• Directions
Of the entries below, return exactly those lines that fall between the one containing "Lemma two_far_neighbours_close (a" and the one containing "PI / 3 < t1", the two end lines included.

(Saved entries)
◇ ◇ ◇
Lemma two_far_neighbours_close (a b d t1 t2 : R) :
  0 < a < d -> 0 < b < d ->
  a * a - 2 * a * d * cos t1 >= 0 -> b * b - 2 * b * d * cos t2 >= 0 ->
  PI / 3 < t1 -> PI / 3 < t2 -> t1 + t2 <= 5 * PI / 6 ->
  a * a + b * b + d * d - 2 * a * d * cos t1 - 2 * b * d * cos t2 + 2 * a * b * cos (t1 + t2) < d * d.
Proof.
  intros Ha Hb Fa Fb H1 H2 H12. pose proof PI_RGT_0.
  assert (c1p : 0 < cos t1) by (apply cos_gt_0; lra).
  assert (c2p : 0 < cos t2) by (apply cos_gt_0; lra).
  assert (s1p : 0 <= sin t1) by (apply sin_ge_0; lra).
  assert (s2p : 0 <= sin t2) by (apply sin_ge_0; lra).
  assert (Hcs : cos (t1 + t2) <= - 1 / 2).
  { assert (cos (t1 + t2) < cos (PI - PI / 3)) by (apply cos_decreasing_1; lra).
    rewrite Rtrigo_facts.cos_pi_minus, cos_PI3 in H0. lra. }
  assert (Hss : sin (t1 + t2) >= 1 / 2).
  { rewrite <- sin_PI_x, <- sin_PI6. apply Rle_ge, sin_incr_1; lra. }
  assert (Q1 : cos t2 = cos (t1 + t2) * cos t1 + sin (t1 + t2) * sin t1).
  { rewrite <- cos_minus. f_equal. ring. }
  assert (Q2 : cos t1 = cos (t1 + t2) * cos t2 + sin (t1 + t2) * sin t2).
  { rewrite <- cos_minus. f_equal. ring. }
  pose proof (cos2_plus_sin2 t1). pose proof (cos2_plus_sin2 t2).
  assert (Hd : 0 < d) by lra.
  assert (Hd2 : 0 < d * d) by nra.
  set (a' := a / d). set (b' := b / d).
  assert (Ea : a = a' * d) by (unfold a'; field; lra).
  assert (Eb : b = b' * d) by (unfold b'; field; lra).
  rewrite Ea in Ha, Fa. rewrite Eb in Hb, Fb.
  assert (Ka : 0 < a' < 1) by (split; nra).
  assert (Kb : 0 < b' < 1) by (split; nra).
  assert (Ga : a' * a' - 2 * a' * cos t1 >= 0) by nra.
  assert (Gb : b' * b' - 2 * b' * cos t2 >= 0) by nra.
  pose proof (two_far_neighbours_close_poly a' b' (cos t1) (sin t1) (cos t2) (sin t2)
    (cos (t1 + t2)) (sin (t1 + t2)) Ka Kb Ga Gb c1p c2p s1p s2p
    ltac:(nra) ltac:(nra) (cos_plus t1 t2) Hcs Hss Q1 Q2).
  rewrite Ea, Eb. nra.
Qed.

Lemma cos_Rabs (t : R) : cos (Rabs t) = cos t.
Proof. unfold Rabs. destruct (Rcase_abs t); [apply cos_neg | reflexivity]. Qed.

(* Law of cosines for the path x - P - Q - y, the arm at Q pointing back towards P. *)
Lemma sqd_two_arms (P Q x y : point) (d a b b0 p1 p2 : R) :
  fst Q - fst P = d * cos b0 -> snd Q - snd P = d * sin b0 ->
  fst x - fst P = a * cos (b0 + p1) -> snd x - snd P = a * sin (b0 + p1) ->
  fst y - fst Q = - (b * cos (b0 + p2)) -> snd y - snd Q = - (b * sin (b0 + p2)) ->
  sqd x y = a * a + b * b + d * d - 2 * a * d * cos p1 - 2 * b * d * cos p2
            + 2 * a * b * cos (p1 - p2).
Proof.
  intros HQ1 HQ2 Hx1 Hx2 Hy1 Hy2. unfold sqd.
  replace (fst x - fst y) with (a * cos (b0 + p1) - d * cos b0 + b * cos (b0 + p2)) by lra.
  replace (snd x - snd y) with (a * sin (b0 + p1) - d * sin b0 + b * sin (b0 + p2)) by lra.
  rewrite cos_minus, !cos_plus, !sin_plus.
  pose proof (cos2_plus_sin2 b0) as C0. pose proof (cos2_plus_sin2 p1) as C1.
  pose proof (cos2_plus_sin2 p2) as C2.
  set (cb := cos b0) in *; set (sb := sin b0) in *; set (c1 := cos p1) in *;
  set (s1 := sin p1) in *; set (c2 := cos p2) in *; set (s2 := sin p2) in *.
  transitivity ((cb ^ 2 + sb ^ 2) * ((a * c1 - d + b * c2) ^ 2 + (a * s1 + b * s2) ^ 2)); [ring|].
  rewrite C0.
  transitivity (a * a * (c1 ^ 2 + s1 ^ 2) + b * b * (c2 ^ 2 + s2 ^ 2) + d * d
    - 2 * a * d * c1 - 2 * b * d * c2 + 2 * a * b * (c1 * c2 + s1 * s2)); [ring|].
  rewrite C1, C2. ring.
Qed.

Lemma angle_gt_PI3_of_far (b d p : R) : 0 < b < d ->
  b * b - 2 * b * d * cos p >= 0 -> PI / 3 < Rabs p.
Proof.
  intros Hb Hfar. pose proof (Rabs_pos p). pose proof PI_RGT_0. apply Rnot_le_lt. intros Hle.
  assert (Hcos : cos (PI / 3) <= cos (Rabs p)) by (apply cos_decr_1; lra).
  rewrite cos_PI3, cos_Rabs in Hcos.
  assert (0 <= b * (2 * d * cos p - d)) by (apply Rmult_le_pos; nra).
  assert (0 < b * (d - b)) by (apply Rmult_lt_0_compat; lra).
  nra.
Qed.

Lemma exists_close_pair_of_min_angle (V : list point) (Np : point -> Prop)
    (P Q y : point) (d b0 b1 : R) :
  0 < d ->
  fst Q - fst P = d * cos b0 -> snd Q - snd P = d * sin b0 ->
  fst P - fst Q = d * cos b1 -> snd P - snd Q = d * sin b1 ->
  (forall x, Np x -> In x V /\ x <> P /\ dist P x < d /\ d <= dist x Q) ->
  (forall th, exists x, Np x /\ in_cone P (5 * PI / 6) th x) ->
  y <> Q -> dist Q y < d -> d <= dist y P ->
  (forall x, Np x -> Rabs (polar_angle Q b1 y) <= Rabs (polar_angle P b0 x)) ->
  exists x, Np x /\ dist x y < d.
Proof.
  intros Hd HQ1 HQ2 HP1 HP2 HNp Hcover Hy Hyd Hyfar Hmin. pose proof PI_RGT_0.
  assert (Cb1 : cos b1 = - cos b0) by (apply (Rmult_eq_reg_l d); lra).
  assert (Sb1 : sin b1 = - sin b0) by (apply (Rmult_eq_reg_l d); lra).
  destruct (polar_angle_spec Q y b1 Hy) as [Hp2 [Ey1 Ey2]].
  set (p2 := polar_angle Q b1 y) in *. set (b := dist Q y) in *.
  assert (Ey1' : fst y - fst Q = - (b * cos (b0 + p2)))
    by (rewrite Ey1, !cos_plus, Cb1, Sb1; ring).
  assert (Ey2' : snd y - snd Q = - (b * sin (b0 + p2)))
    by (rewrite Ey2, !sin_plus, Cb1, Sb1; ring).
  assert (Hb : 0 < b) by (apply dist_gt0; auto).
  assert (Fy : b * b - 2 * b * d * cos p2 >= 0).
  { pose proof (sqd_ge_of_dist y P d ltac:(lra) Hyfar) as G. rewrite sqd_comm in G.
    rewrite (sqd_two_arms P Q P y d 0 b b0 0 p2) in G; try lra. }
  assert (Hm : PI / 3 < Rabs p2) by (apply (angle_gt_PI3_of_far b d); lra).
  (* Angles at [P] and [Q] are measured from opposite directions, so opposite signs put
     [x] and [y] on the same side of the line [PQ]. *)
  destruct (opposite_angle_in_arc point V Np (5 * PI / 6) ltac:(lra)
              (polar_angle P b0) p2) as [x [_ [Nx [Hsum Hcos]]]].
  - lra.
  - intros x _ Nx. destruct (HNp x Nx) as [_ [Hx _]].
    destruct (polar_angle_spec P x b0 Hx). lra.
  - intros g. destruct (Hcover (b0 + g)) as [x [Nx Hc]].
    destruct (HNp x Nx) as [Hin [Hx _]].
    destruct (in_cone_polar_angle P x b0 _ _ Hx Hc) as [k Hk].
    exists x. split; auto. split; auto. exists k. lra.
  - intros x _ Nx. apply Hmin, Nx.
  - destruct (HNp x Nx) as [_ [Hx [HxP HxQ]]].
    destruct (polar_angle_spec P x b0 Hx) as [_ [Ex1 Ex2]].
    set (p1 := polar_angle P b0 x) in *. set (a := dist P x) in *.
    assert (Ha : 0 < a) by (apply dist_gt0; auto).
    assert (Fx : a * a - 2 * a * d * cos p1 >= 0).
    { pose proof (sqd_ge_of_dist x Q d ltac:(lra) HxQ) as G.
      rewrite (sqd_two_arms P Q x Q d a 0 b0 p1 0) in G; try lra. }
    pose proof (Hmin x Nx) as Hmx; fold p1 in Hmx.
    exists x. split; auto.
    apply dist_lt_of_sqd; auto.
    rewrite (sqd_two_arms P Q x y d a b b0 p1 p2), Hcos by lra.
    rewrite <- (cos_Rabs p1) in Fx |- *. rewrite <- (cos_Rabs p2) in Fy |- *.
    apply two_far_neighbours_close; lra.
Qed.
◇ ◇ ◇
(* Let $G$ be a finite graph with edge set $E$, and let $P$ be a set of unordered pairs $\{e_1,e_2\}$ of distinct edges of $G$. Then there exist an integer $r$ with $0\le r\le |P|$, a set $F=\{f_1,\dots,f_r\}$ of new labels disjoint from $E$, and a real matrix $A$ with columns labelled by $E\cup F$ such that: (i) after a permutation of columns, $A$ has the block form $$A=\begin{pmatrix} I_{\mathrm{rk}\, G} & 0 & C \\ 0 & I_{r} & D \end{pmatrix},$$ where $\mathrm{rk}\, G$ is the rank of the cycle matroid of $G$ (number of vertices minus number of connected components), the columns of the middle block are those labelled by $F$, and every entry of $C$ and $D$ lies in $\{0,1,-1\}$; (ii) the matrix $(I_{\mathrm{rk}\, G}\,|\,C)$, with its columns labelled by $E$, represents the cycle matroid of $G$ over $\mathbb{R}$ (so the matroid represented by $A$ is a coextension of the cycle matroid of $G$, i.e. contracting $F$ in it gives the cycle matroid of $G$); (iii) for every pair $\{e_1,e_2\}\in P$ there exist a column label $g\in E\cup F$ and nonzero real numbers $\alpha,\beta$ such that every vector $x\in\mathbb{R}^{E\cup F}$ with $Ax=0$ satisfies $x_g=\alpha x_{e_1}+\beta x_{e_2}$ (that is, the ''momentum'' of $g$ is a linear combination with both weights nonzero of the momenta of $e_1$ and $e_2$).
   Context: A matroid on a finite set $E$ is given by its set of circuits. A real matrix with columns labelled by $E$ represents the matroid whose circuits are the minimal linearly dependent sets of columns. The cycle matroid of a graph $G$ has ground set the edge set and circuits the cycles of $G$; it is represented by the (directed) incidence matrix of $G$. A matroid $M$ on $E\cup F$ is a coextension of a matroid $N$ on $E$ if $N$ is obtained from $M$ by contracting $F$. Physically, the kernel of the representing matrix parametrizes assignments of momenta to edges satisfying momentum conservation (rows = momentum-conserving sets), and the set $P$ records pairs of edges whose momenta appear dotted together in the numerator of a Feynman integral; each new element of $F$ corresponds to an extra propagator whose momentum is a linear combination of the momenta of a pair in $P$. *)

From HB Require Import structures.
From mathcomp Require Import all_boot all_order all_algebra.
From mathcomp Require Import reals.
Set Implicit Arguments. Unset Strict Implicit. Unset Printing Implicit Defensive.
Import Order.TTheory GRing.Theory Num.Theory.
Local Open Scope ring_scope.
◇ ◇ ◇
• Task answer
Lemma two_far_neighbours_close (a b d t1 t2 : R) :
  0 < a < d -> 0 < b < d ->
  a * a - 2 * a * d * cos t1 >= 0 -> b * b - 2 * b * d * cos t2 >= 0 ->
  PI / 3 < t1 -> PI / 3 < t2 -> t1 + t2 <= 5 * PI / 6 ->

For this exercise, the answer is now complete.